Task
Search the entries for lines that contain the word "with", and report each one found.

Dataset entries
= = = = = = =

Lemma weight0 : weight 0 = 1.
Proof. by rewrite /weight /poch !big_ord0 divr1 expr1n. Qed.

Lemma weight_prod m : weight m = (\prod_(i < m) rho i) ^+ n.
Proof.
rewrite /weight /poch -prodf_div; congr (_ ^+ _); apply: eq_bigr => i _.
by field; rewrite ?nat1r -?natrM -?natrD ?pnatr_eq0; lia.
Qed.

Lemma weight_recr m : weight m = weight m.+1 * (1 + u m) ^+ n.
Proof.
rewrite !weight_prod big_ord_recr /= exprMn -mulrA -exprMn.
have -> : rho m * (1 + u m) = 1.
  by field; rewrite ?nat1r -?natrM -?natrD ?pnatr_eq0; lia.
by rewrite expr1n mulr1.
Qed.

Lemma weight_pint m : (m < p)%N -> weight m \in pint p.
Proof.
move=> m_lt; rewrite weight_prod rpredX // rpred_prod // => i _.
by apply: rho_pint; apply: leq_ltn_trans m_lt.
Qed.

Lemma weight_sub1 m : (m < p)%N -> weight m - 1 \in pdvd p 1.
Proof.
move=> m_lt; have i_lt (i : 'I_m) : (i.+1 < p)%N.
  exact: leq_ltn_trans (ltn_ord i) m_lt.
rewrite weight_prod subX1_pdvd //; first by apply: rpred_prod => i _; apply: rho_pint.
rewrite (eq_bigr (fun i : 'I_m => 1 + (rho i - 1))) => [|i _].
  by apply: prod1D_pdvd1 => // i _; apply: rho_sub1.
by rewrite addrC subrK.
Qed.

Lemma weight_last_sub1 : (2 < p)%N -> weight p.-1 - 1 \in pdvd p 2.
Proof.
move=> p_gt2; have i_lt (i : 'I_p.-1) : (i.+1 < p)%N by have := ltn_ord i; lia.
rewrite weight_prod subX1_pdvd //; first by apply: rpred_prod => i _; apply: rho_pint.
set S := \sum_(i < p.-1) (rho i - 1).
have S2 : S \in pdvd p 2.
  have -> : S = \sum_(i < p.-1) (rho i - 1 + u i)
              - p%:R / n%:R * \sum_(i < p.-1) (i.+1%:R)^-1.
    rewrite /S mulr_sumr -sumrB; apply: eq_bigr => i _.
    by rewrite natrM invfM mulrA addrK.
  rewrite rpredB //; first by apply: rpred_sum => i _; apply: rho_pdvd2.
  rewrite (@pdvdM p 1 1) ?harmonic_pdvd //.
  by rewrite pdvd_pM_pint // pint_invn // coprime_lt_prime ?n_gt0.
rewrite (eq_bigr (fun i : 'I_p.-1 => 1 + (rho i - 1))) => [|i _].
  rewrite -(subrK S (_ - 1)) rpredD //.
  by apply: prod1D_pdvd2 => // i _; apply: rho_sub1.
by rewrite addrC subrK.
Qed.

(* From (1 + u)^n = 1 + n u + C(n,2) u^2 (mod u^3) with u = p / (n (m + 1)). *)
Local Notation kappa := ('C(n, 2)%:R / n%:R ^+ 2 : rat).

Let kappa_pint : kappa \in pint p.
Proof.
by rewrite rpredM ?rpred_nat // -natrX pint_invn // coprimeXl // coprime_lt_prime ?n_gt0.
Qed.

Lemma weight_diff m : (m.+1 < p)%N ->
  m.+1%:R * (weight m - weight m.+1)
    - weight m.+1 * (p%:R + p%:R ^+ 2 * kappa / m.+1%:R) \in pdvd p 3.
Proof.
move=> m_lt; rewrite [weight m]weight_recr.
have -> : m.+1%:R * (weight m.+1 * (1 + u m) ^+ n - weight m.+1)
    - weight m.+1 * (p%:R + p%:R ^+ 2 * kappa / m.+1%:R)
  = weight m.+1 * m.+1%:R
    * ((1 + u m) ^+ n - 1 - n%:R * u m - 'C(n, 2)%:R * u m ^+ 2).
  by field; rewrite ?nat1r -?natrM -?natrD ?pnatr_eq0; lia.
rewrite pdvdMl ?exp1D_pdvd3 ?u_pdvd1 //.
by rewrite rpredM ?rpred_nat ?weight_pint.
Qed.

Lemma weight_diff2 m : (m.+1 < p)%N ->
  m.+1%:R * (weight m - weight m.+1) - p%:R * weight m.+1 \in pdvd p 2.
Proof.
move=> m_lt; have w_int := weight_pint m_lt.
have -> : m.+1%:R * (weight m - weight m.+1) - p%:R * weight m.+1 =
    (m.+1%:R * (weight m - weight m.+1)
       - weight m.+1 * (p%:R + p%:R ^+ 2 * kappa / m.+1%:R))
    + p%:R ^+ 2 * (weight m.+1 * kappa / m.+1%:R) by ring.
rewrite rpredD //; first by rewrite (pdvdW p_prime (leqnSn 2)) ?weight_diff.
rewrite pdvd_pXM_pint // rpredM ?(rpredM w_int kappa_pint) //.
by rewrite pint_invn ?coprime_lt_prime.
Qed.

Lemma sum_weight_pdvd2 U : (2 < p)%N -> U \is a polyOver (pint p) -> (size U < p)%N ->
  \sum_(m < p) U.[m%:R] * weight m \in pdvd p 2.
Proof.
move=> p_gt2 Uint Usize.
have [F Fint [F0 Fsize dF]] := pint_antidifference p_prime Uint Usize.
set K := p.-1; have K_lt : (K < p)%N by rewrite /K; lia.
set W := drop_poly 1 F.
have Wint : W \is a polyOver (pint p) by apply: polyOver_drop_poly.
have Wsize : (size W < p)%N by rewrite size_drop_poly; lia.
have W_int m : W.[m%:R] \in pint p by rewrite rpred_horner ?rpred_nat.
have := sum_horner_by_parts weight K F0 dF; rewrite prednK ?prime_gt0 // => ->.
have sumW : \sum_(m < p) W.[m%:R] = W`_0 + \sum_(m < K) W.[m.+1%:R].
  by rewrite -(prednK (prime_gt0 p_prime)) big_ord_recl -horner_coef0.
have -> : F.[p%:R] * weight K
    + \sum_(m < K) W.[m.+1%:R] * (m.+1%:R * (weight m - weight m.+1)) =
  F.[p%:R] * (weight K - 1) + p%:R * (W.[p%:R] - W`_0)
    + \sum_(m < K) W.[m.+1%:R] * (m.+1%:R * (weight m - weight m.+1) - p%:R * weight m.+1)
    + p%:R * \sum_(m < K) W.[m.+1%:R] * (weight m.+1 - 1)
    + p%:R * \sum_(m < p) W.[m%:R].
  rewrite sumW (horner_coef0_eq0 _ F0) -/W.
  have -> : \sum_(m < K) W.[m.+1%:R] * (m.+1%:R * (weight m - weight m.+1)) =
      \sum_(m < K) W.[m.+1%:R] * (m.+1%:R * (weight m - weight m.+1) - p%:R * weight m.+1)
      + p%:R * \sum_(m < K) W.[m.+1%:R] * (weight m.+1 - 1)
      + p%:R * \sum_(m < K) W.[m.+1%:R].
    by rewrite !mulr_sumr -!big_split; apply: eq_bigr => m _ /=; ring.
  ring.
have Fp : F.[p%:R] \in pdvd p 1 by rewrite horner_pdvd1 // pdvd_p.
rewrite !rpredD //.
- by rewrite (@pdvdM p 1 1) // weight_sub1.
- by rewrite (@pdvdM p 1 1) ?horner_sub_coef0_pdvd1 // pdvd_p.
- by apply: rpred_sum => m _; rewrite pdvdMl ?weight_diff2 ?(leq_ltn_trans (ltn_ord m)).
- rewrite (@pdvdM p 1 1) ?rpred_sum // => [|m _]; first by rewrite pdvd_p.
  by rewrite pdvdMl // weight_sub1 ?(leq_ltn_trans (ltn_ord m)).
by rewrite (@pdvdM p 1 1) ?sum_horner_pdvd1 // pdvd_p.
Qed.

Lemma sum_horner_weight_div_pdvd1 W : (2 < p)%N ->
    W \is a polyOver (pint p) -> (size W < p)%N -> W`_1 \in pdvd p 1 ->
  \sum_(m < p.-1) W.[m.+1%:R] * weight m.+1 / m.+1%:R \in pdvd p 1.
Proof.
move=> p_gt2 Wint Wsize W1; set K := p.-1; have K_lt : (K < p)%N by rewrite /K; lia.
set W' := drop_poly 1 W.
have W'int : W' \is a polyOver (pint p) by apply: polyOver_drop_poly.
have W'size : (size W' < p)%N by rewrite size_drop_poly; lia.
have sumW' : \sum_(m < p) W'.[m%:R] = W`_1 + \sum_(m < K) W'.[m.+1%:R].
  by rewrite -(prednK (prime_gt0 p_prime)) big_ord_recl horner_coef0 coef_drop_poly.
have -> : \sum_(m < K) W.[m.+1%:R] * weight m.+1 / m.+1%:R =
    \sum_(m < K) W.[m.+1%:R] / m.+1%:R * (weight m.+1 - 1)
    + W`_0 * \sum_(m < K) (m.+1%:R)^-1
    + (\sum_(m < p) W'.[m%:R] - W`_1).
  rewrite sumW' (addrC W`_1) addrK mulr_sumr -!big_split; apply: eq_bigr => m _ /=.
  rewrite (horner_take_drop W 1) big_ord1 expr0 mulr1 expr1 -/W'.
  by field; rewrite nat1r pnatr_eq0.
apply: rpredD; first apply: rpredD.
- apply: rpred_sum => m _; have m_lt := leq_ltn_trans (ltn_ord m) K_lt.
  rewrite pdvdMl ?weight_sub1 // rpredM ?rpred_horner ?rpred_nat //.
  by rewrite pint_invn ?coprime_lt_prime.
- by rewrite pdvdMl ?harmonic_pdvd ?(polyOverP Wint).
by rewrite rpredB ?sum_horner_pdvd1.
Qed.
(* Let $L$ be an atomic $0$-distributive lattice with at least three atoms. Then $\operatorname{sdim}_M(G^c(L))$ is finite if and only if $G^c(L)$ is finite.
   Context: A lattice $L$ with $0$ is $0$-distributive if $a\wedge b=0$ and $a\wedge c=0$ imply $a\wedge(b\vee c)=0$; atomic means every nonzero element lies above an atom. $Z^*(L)=\{a\in L\setminus\{0\}:\ a\wedge b=0\text{ for some } b\neq 0\}$; $G^c(L)$ has vertex set $Z^*(L)$, distinct $a,b$ adjacent iff $a\wedge b\neq 0$ (connected under these hypotheses). For a connected graph $G$, a vertex $w$ strongly resolves $u,v$ if some shortest $u$–$w$ path contains $v$ or some shortest $v$–$w$ path contains $u$; a strong resolving set is a set $W$ such that every pair of distinct vertices is strongly resolved by some vertex of $W$; $\operatorname{sdim}_M(G)$ is the minimum cardinality of a strong resolving set. *)

From mathcomp Require Import all_boot all_order.
Set Implicit Arguments. Unset Strict Implicit. Unset Printing Implicit Defensive.
Import Order.TTheory.

Section Lat.
Context {d : Order.disp_t} {L : bLatticeType d}.

Definition zero_distributive : Prop :=
  forall a b c : L, Order.meet a b = Order.bottom -> Order.meet a c = Order.bottom ->
    Order.meet a (Order.join b c) = Order.bottom.

Definition is_atom (a : L) : Prop :=
  a <> Order.bottom /\ forall x : L, (x <= a)%O -> x = Order.bottom \/ x = a.

Definition atomic : Prop :=
  forall x : L, x <> Order.bottom -> exists a, is_atom a /\ (a <= x)%O.

Definition at_least_three_atoms : Prop :=
  exists a b c : L, [/\ is_atom a, is_atom b & is_atom c] /\
                    [/\ a <> b, a <> c & b <> c].

Definition Zstar (a : L) : Prop :=
  a <> Order.bottom /\ exists b : L, b <> Order.bottom /\ Order.meet a b = Order.bottom.

Definition Gc_adj (a b : L) : Prop := a <> b /\ Order.meet a b <> Order.bottom.
End Lat.

Section Graph.
Context {T : eqType} (V : T -> Prop) (E : T -> T -> Prop).

Fixpoint walk_from (x : T) (p : seq T) : Prop :=
  V x /\ match p with
         | [::] => True
         | y :: q => E x y /\ walk_from y q
         end.

(* x :: p is a u-w walk of length size p *)
Definition uw_walk (u w : T) (p : seq T) : Prop := walk_from u p /\ last u p = w.

Definition shortest_path (u w : T) (p : seq T) : Prop :=
  uw_walk u w p /\ forall q, uw_walk u w q -> size p <= size q.

Definition strongly_resolves (w u v : T) : Prop :=
  (exists p, shortest_path u w p /\ v \in u :: p) \/
  (exists p, shortest_path v w p /\ u \in v :: p).

Definition strong_resolving_set (W : T -> Prop) : Prop :=
  (forall w, W w -> V w) /\
  forall u v, V u -> V v -> u <> v -> exists w, W w /\ strongly_resolves w u v.

Definition sdim_finite : Prop :=
  exists s : seq T, strong_resolving_set (fun w => w \in s).

Definition graph_finite : Prop :=
  exists s : seq T, forall x, V x -> x \in s.
End Graph.

From mathcomp Require Import all_boot all_order zify.
From mathcomp Require Import boolp classical_sets functions cardinality.
Set Implicit Arguments. Unset Strict Implicit. Unset Printing Implicit Defensive.
Import Order.TTheory.

(* Under the hypotheses, G^c(L) has diameter at most 2: two vertices with zero
   meet have the join of an atom below each as a common neighbour.  In a graph
   of diameter 2, a vertex w outside {u, v} strongly resolves u, v only if
   u - v - w (or v - u - w) is an induced path.  Twins (vertices above the same
   atoms) have the same neighbours and atoms are pairwise non-adjacent, so a
   strong resolving set must contain all but at most one vertex of each twin
   class and all but at most one atom.  A finite one thus leaves finitely many
   atoms, hence finitely many twin classes, hence finitely many vertices.
   Conversely, a finite vertex set strongly resolves itself, since u lies on
   every shortest v-u path. *)

Lemma finite_set_inj {T : Type} {K : finType} (A : set T) (f : T -> K) :
  {in A &, injective f} -> finite_set A.
Proof.
have [->|/set0P [a _] injf] := eqVneq A set0; first by move=> _; exact: finite_set0.
apply: (sub_finite_set _ (finite_image ('pinv_(fun=> a) A f) (@finite_finset K (f @` A)))).
by move=> x Ax; exists (f x); [exists x | rewrite (pinvKV _ injf) ?inE].
Qed.

Section Walks.
Context {T : eqType} (V : T -> Prop) (E : T -> T -> Prop).
Local Notation uw_walk := (uw_walk V E).
Local Notation shortest_path := (shortest_path V E).

Lemma graph_finiteP : graph_finite V <-> finite_set V.
Proof.
split=> [[s Vs]|/finite_seqP [s ->]]; last by exists s.
by apply: (sub_finite_set _ (finite_seq s)) => x /Vs.
Qed.

Lemma walk_from_head x p : walk_from V E x p -> V x.
Proof. by case: p => [|? ?] []. Qed.

Lemma walk_from_last x p : walk_from V E x p -> V (last x p).
Proof. by elim: p x => [|y p IH] x /= [Vx] // [_ /IH]. Qed.

Lemma uw_walk_split u v w p : uw_walk u w p -> v \in u :: p ->
  exists p1 p2, [/\ p = p1 ++ p2, uw_walk u v p1 & uw_walk v w p2].
Proof.
elim: p u => [|y q IH] u /= [Wu Lu]; rewrite inE.
  by move=> /eqP ->; exists [::], [::]; rewrite -Lu.
case/orP => [/eqP ->|/(IH y (conj Wu.2.2 Lu)) [p1 [p2 [-> W1 W2]]]].
  by exists [::], (y :: q); split=> //; split=> //; case: Wu.
by exists (y :: p1), p2; case: W1 => W1 L1; case: Wu => Vu [Euy _].
Qed.

Lemma uw_walk_size_gt0 u w p : uw_walk u w p -> u <> w -> 0 < size p.
Proof. by case: p => [|? ?] // [_ /= ->]. Qed.

Lemma uw_walk_size1 u w p : uw_walk u w p -> size p = 1 -> E u w.
Proof. by case: p => [|y [|]] // [/= [_ [Euy _]] <-]. Qed.

Lemma shortest_path_exists u w q : uw_walk u w q -> exists p, shortest_path u w p.
Proof.
move=> Wq.
have hex : exists n, `[< exists p, uw_walk u w p /\ size p = n >].
  by exists (size q); apply/asboolP; exists q.
case: (ex_minnP hex) => n /asboolP [p [Wp <-]] minp.
by exists p; split=> // p' Wp'; apply: minp; apply/asboolP; exists p'.
Qed.

Lemma sdim_finite_of_finite :
  (forall u w, V u -> V w -> exists q, uw_walk u w q) ->
  finite_set V -> sdim_finite V E.
Proof.
move=> conn /finite_seqP [s defV]; exists s.
split=> [w|u v Vu Vv _]; first by rewrite defV.
exists u; split; first by move: Vu; rewrite defV.
right; have [q Wq] := conn v u Vv Vu.
have [p [[Wp Lp] minp]] := shortest_path_exists Wq.
by exists p; split; [split | rewrite -Lp mem_last].
Qed.

Section Diameter2.
Hypothesis diam2 : forall u w, V u -> V w -> exists q, uw_walk u w q /\ size q <= 2.

Lemma shortest_path_through u v w p :
  shortest_path u w p -> v \in u :: p -> v <> u -> v <> w ->
  [/\ E u v, E v w & ~ E u w].
Proof.
move=> [[Wp Lp] minp] vp vu vw.
have [p1 [p2 [defp W1 W2]]] := uw_walk_split (conj Wp Lp) vp.
have Vw : V w by rewrite -Lp; exact: walk_from_last.
have [q [Wq Sq]] := diam2 (walk_from_head Wp) Vw.
have := minp q Wq; rewrite defp size_cat => le_p.
have s1 := uw_walk_size_gt0 W1 (nesym vu).
have s2 := uw_walk_size_gt0 W2 vw.
split; [apply: uw_walk_size1 W1 _; lia | apply: uw_walk_size1 W2 _; lia |].
move=> Euw.
have Ww : uw_walk u w [:: w] := conj (conj (walk_from_head Wp) (conj Euw (conj Vw I))) erefl.
by have := minp _ Ww; rewrite defp size_cat /=; lia.
Qed.

Lemma strongly_resolves_diam2 w u v :
  strongly_resolves V E w u v -> u <> v -> w <> u -> w <> v ->
  [/\ E u v, E v w & ~ E u w] \/ [/\ E v u, E u w & ~ E v w].
Proof.
move=> [[p [sp vp]]|[p [sp up]]] uv wu wv; [left|right].
  exact: shortest_path_through sp vp (nesym uv) (nesym wv).
exact: shortest_path_through sp up uv (nesym wu).
Qed.

End Diameter2.
End Walks.

Section AtomicZeroDistributive.
Context {d : Order.disp_t} {L : bLatticeType d}.
Hypothesis hat : atomic (L := L).
Hypothesis hzd : zero_distributive (L := L).
Hypothesis h3 : at_least_three_atoms (L := L).
Local Open Scope order_scope.

Lemma atom_meet_neq0 (a x y : L) : is_atom a -> a <= x -> a <= y -> x `&` y <> \bot.
Proof. by move=> [a0 _] ax ay xy0; apply: a0; apply/eqP; rewrite -lex0 -xy0 lexI ax. Qed.

Lemma meet_atoms_eq0 (a b : L) : is_atom a -> is_atom b -> a <> b -> a `&` b = \bot.
Proof.
move=> [a0 mina] [_ minb] ab; case: (mina _ (leIl a b)) => // aIb.
by have /minb [/a0|] : a <= b by rewrite -aIb leIr.
Qed.

Lemma exists_atom_neq (p q : L) : exists r, [/\ is_atom r, r <> p & r <> q].
Proof.
have [a [b [c [[Aa Ab Ac] [ab ac bc]]]]] := h3.
have [ap|/eqP ap] := eqVneq a p; have [aq|/eqP aq] := eqVneq a q;
  try by exists a.
all: have [bp|/eqP bp] := eqVneq b p; have [bq|/eqP bq] := eqVneq b q;
  try by exists b.
all: by exists c; split; congruence.
Qed.

Lemma Zstar_atom (a : L) : is_atom a -> Zstar a.
Proof.
move=> Aa; split; first by case: Aa.
have [r [Ar ra _]] := exists_atom_neq a a.
exists r; split; first by case: Ar.
exact: meet_atoms_eq0 Aa Ar (nesym ra).
Qed.

(* The witness p \/ q is a zero-divisor by 0-distributivity: a third atom
   meets both p and q trivially. *)
Lemma Gc_diam2 (x y : L) : Zstar x -> Zstar y ->
  exists q, uw_walk Zstar Gc_adj x y q /\ (size q <= 2)%N.
Proof.
move=> Zx Zy; have [<-|/eqP xy] := eqVneq x y; first by exists [::].
have [xy0|xyn0] := pselect (x `&` y = \bot); last by exists [:: y].
have [p [Ap px]] := hat Zx.1.
have [q [Aq qy]] := hat Zy.1.
have pq : p <> q by move=> pq; apply: (atom_meet_neq0 Aq _ qy xy0); rewrite -pq.
have [r [Ar rp rq]] := exists_atom_neq p q.
have Zpq : Zstar (p `|` q).
  split; first by move=> pq0; case: Ap => + _; apply; apply/eqP; rewrite -lex0 -pq0 leUl.
  exists r; split; first by case: Ar.
  by rewrite meetC; apply: hzd; apply: meet_atoms_eq0.
have x_pq : Gc_adj x (p `|` q).
  split; last exact: (atom_meet_neq0 Ap px (leUl _ _)).
  by move=> xpq; apply: (atom_meet_neq0 Aq _ qy xy0); rewrite xpq leUr.
have pq_y : Gc_adj (p `|` q) y.
  split; last exact: (atom_meet_neq0 Aq (leUr _ _) qy).
  by move=> pqy; apply: (atom_meet_neq0 Ap px _ xy0); rewrite -pqy leUl.
by exists [:: p `|` q; y].
Qed.

Definition same_atoms (u v : L) := forall a, is_atom a -> (a <= u) = (a <= v).

Lemma same_atoms_Gc_adj (u v w : L) :
  same_atoms u v -> u <> w -> Gc_adj v w -> Gc_adj u w.
Proof.
move=> uv uw [_ /hat [a [Aa]]]; rewrite lexI => /andP [av aw].
by split=> //; apply: (atom_meet_neq0 Aa _ aw); rewrite uv.
Qed.

Lemma strong_resolving_set_mem (W : L -> Prop) (u v : L) :
  strong_resolving_set Zstar Gc_adj W -> Zstar u -> Zstar v -> u <> v ->
  same_atoms u v \/ (is_atom u /\ is_atom v) -> W u \/ W v.
Proof.
move=> [_ resW] Zu Zv uv twins.
have [w [Ww rw]] := resW u v Zu Zv uv.
have [<-|wu] := pselect (w = u); first by left.
have [<-|wv] := pselect (w = v); first by right.
have no_induced_path x y : same_atoms x y \/ (is_atom x /\ is_atom y) -> x <> w ->
    ~ [/\ Gc_adj x y, Gc_adj y w & ~ Gc_adj x w].
  move=> [sxy|[Ax Ay]] xw [[xy xyn0] yw xwn]; first exact/xwn/(same_atoms_Gc_adj sxy).
  exact/xyn0/meet_atoms_eq0.
exfalso; case: (strongly_resolves_diam2 Gc_diam2 rw uv wu wv).
  exact: no_induced_path twins (nesym wu).
apply: no_induced_path (nesym wv).
by case: twins => [s|[Au Av]]; [left=> a Aa; rewrite s | right].
Qed.

Lemma finite_atoms (s : seq L) :
  strong_resolving_set Zstar Gc_adj (fun w => w \in s) -> finite_set (@is_atom d L).
Proof.
move=> res_s.
have [[a0 [A0 a0s]]|all_in] := pselect (exists a0, is_atom a0 /\ a0 \notin s).
  apply: (@sub_finite_set _ _ ([set` s] `|` [set a0])%classic); last by rewrite finite_setU.
  move=> a Aa; have [->|aa0] := pselect (a = a0); first by right.
  left; have [//|a0_in] := strong_resolving_set_mem res_s (Zstar_atom Aa) (Zstar_atom A0) aa0
    (or_intror (conj Aa A0)).
  by rewrite a0_in in a0s.
apply: (sub_finite_set _ (finite_seq s)) => a Aa /=.
by apply: contrapT => ans; apply: all_in; exists a; split=> //; apply/negP.
Qed.

Lemma Zstar_finite (s : seq L) :
  strong_resolving_set Zstar Gc_adj (fun w => w \in s) -> finite_set (@Zstar d L).
Proof.
move=> res_s; have /finite_seqP [As defAs] := finite_atoms res_s.
pose atoms_below x := map_tuple (fun a => a <= x) (in_tuple As).
have fin_out : finite_set (Zstar `\` [set` s])%classic.
  apply: (@finite_set_inj _ _ _ atoms_below) => x y.
  rewrite !inE => -[Zx xs] [Zy ys] /(congr1 val) /eq_in_map same_xy.
  apply: contrapT => xy.
  have twins : same_atoms x y by move=> a; rewrite defAs => /same_xy.
  by case: (strong_resolving_set_mem res_s Zx Zy xy (or_introl twins)).
apply: (@sub_finite_set _ _ ([set` s] `|` (Zstar `\` [set` s]))%classic).
  by move=> x Zx; have [xs|xs] := pselect (x \in s); [left | right].
by rewrite finite_setU.
Qed.

End AtomicZeroDistributive.

Theorem corollary3p3 (d : Order.disp_t) (L : bLatticeType d) :
  atomic (L := L) -> zero_distributive (L := L) -> at_least_three_atoms (L := L) ->
  (sdim_finite (@Zstar d L) (@Gc_adj d L) <-> graph_finite (@Zstar d L)).
Proof.
move=> hat hzd h3; split=> [[s res_s]|/graph_finiteP finZ].
  exact/graph_finiteP/(Zstar_finite hat hzd h3 res_s).
apply: sdim_finite_of_finite finZ => u w Zu Zw.
by have [q [Wq _]] := Gc_diam2 hat hzd h3 Zu Zw; exists q.
Qed.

= = = = = = =

Solution to this exercise
(* From (1 + u)^n = 1 + n u + C(n,2) u^2 (mod u^3) with u = p / (n (m + 1)). *)
(* Let $L$ be an atomic $0$-distributive lattice with at least three atoms. Then $\operatorname{sdim}_M(G^c(L))$ is finite if and only if $G^c(L)$ is finite.
   Context: A lattice $L$ with $0$ is $0$-distributive if $a\wedge b=0$ and $a\wedge c=0$ imply $a\wedge(b\vee c)=0$; atomic means every nonzero element lies above an atom. $Z^*(L)=\{a\in L\setminus\{0\}:\ a\wedge b=0\text{ for some } b\neq 0\}$; $G^c(L)$ has vertex set $Z^*(L)$, distinct $a,b$ adjacent iff $a\wedge b\neq 0$ (connected under these hypotheses). For a connected graph $G$, a vertex $w$ strongly resolves $u,v$ if some shortest $u$–$w$ path contains $v$ or some shortest $v$–$w$ path contains $u$; a strong resolving set is a set $W$ such that every pair of distinct vertices is strongly resolved by some vertex of $W$; $\operatorname{sdim}_M(G)$ is the minimum cardinality of a strong resolving set. *)
  V x /\ match p with
(* Under the hypotheses, G^c(L) has diameter at most 2: two vertices with zero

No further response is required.